SUPPLIED DATA:

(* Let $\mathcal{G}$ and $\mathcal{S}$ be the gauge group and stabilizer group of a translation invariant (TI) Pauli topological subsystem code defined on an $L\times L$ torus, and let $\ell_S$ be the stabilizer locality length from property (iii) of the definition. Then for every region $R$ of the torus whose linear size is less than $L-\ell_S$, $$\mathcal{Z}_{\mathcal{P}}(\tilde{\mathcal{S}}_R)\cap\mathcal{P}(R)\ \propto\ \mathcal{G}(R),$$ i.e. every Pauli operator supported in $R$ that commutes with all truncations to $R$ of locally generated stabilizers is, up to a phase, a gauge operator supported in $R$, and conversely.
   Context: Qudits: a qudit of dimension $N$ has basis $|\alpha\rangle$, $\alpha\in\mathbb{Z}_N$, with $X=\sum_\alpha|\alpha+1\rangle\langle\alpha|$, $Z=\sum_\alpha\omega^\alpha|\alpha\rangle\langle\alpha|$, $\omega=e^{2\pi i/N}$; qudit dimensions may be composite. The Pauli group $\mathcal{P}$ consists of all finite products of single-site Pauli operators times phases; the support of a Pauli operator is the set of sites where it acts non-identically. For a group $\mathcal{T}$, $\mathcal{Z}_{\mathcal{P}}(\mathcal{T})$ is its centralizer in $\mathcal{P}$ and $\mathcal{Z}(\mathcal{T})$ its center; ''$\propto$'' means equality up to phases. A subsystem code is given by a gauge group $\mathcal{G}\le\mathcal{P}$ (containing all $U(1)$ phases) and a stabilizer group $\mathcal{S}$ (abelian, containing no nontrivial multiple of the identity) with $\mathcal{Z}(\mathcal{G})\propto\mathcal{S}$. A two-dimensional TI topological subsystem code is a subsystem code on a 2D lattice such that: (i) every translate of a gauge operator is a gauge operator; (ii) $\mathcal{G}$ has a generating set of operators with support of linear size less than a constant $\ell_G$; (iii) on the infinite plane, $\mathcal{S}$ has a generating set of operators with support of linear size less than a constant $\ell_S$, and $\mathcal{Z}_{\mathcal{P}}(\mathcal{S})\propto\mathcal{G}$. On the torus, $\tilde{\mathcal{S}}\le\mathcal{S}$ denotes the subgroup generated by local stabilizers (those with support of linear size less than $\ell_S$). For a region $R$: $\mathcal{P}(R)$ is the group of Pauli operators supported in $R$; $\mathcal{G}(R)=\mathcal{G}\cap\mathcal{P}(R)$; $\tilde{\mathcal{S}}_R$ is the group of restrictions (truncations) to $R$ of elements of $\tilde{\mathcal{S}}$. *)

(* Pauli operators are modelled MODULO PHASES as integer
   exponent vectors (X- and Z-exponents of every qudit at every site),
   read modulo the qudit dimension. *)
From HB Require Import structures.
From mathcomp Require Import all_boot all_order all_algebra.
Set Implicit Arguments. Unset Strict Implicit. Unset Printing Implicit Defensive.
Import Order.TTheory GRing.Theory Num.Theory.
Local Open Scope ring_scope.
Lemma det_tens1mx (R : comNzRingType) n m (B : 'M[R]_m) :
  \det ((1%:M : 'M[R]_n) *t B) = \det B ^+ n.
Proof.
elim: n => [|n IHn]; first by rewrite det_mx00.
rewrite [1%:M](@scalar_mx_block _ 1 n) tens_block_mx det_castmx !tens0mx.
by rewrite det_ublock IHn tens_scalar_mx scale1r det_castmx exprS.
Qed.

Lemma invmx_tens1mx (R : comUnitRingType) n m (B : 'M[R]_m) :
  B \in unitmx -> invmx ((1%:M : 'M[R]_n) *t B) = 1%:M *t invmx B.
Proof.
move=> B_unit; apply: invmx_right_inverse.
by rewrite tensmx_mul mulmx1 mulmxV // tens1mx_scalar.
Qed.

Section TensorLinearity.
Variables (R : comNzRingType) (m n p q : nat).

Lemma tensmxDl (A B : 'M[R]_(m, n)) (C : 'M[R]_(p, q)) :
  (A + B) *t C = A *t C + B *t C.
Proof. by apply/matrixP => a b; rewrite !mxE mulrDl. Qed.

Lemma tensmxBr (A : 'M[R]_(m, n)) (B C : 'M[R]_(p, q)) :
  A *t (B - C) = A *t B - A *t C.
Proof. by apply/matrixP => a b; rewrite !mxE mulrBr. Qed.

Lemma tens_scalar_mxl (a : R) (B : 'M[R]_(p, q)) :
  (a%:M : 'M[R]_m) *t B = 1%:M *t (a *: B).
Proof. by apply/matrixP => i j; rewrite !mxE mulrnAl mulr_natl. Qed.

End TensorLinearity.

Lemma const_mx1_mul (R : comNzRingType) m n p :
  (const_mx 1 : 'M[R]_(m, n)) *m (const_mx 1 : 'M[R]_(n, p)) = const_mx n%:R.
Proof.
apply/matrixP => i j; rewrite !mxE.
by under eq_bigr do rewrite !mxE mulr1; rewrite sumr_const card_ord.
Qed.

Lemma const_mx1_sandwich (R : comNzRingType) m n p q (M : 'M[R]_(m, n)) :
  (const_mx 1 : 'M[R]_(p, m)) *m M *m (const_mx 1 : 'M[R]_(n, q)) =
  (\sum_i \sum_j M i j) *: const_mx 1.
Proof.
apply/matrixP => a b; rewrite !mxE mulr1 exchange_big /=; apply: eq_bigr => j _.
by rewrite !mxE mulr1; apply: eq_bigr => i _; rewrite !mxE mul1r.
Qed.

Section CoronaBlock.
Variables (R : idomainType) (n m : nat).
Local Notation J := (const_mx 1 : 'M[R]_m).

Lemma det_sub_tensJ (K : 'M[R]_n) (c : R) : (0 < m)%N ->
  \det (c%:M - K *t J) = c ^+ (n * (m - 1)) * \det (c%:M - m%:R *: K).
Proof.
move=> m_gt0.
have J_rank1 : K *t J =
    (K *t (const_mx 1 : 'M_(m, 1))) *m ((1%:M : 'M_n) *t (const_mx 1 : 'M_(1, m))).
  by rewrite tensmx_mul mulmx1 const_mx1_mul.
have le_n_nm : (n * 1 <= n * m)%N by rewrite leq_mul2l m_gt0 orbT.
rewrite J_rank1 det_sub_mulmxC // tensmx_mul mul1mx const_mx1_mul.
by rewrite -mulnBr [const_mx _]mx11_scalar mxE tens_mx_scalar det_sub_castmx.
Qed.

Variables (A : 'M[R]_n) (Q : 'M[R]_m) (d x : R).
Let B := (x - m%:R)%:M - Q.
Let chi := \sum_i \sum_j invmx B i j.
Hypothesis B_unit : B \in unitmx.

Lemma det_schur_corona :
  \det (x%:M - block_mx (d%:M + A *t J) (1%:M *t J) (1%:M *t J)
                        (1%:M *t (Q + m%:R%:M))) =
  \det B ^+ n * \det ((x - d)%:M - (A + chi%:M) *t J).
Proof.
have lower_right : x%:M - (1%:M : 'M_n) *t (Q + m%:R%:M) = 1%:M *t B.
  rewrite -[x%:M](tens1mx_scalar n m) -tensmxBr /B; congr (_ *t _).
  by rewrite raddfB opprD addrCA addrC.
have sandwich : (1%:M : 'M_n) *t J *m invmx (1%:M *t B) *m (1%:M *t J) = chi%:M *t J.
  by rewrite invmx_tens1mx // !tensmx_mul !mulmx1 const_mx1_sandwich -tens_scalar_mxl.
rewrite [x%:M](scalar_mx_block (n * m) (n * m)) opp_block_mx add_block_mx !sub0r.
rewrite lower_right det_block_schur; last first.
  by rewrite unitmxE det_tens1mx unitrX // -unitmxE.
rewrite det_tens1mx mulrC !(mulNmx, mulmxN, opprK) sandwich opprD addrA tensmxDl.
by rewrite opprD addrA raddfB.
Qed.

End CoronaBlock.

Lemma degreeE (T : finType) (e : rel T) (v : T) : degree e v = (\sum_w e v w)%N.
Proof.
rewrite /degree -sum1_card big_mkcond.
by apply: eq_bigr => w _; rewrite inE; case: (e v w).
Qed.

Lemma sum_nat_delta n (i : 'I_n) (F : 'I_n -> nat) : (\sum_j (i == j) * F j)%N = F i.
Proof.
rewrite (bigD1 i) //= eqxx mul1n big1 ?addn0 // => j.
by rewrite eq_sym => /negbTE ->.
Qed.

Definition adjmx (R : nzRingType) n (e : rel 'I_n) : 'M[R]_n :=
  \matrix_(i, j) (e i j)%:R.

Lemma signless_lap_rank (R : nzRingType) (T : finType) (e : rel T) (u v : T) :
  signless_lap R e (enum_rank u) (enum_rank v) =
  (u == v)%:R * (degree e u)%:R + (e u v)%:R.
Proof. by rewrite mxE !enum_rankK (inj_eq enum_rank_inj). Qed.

--

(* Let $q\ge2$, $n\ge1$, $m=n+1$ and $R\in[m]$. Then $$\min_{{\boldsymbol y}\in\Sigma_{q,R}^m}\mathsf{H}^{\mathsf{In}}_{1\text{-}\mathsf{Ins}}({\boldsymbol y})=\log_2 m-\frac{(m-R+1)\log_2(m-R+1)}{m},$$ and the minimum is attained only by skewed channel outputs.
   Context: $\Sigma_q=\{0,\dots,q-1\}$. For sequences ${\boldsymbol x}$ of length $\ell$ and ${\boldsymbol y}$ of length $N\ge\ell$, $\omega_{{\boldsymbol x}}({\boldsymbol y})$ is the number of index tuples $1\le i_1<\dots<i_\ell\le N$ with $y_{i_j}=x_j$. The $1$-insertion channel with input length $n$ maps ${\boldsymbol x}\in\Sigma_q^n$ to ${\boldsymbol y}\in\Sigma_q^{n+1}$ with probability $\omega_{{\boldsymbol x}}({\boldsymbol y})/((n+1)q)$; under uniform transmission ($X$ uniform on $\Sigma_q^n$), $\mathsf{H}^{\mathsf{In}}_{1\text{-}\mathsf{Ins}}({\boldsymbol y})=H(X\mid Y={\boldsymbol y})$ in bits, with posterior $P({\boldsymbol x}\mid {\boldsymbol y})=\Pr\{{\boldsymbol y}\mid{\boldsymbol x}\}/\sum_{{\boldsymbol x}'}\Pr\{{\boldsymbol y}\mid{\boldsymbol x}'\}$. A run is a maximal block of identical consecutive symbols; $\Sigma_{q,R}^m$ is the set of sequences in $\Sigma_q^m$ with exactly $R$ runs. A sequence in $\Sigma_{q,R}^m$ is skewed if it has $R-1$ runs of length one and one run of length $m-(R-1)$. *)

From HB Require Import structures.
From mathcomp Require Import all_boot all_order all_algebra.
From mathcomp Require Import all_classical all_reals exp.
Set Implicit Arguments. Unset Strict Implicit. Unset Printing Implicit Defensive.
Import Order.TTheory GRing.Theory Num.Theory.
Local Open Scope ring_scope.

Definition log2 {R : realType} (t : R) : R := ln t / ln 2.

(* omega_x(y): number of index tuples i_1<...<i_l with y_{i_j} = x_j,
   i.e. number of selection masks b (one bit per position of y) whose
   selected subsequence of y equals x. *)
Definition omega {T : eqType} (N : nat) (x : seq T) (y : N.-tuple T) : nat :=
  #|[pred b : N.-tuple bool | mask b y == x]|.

DIRECTIONS: Take the lines above from the one containing "ln t / ln 2." to the one containing "selected subsequence of y equals x. *)" and retype them exactly, both ends included, with nothing added.

ANSWER BOX:
Definition log2 {R : realType} (t : R) : R := ln t / ln 2.

(* omega_x(y): number of index tuples i_1<...<i_l with y_{i_j} = x_j,
   i.e. number of selection masks b (one bit per position of y) whose
   selected subsequence of y equals x. *)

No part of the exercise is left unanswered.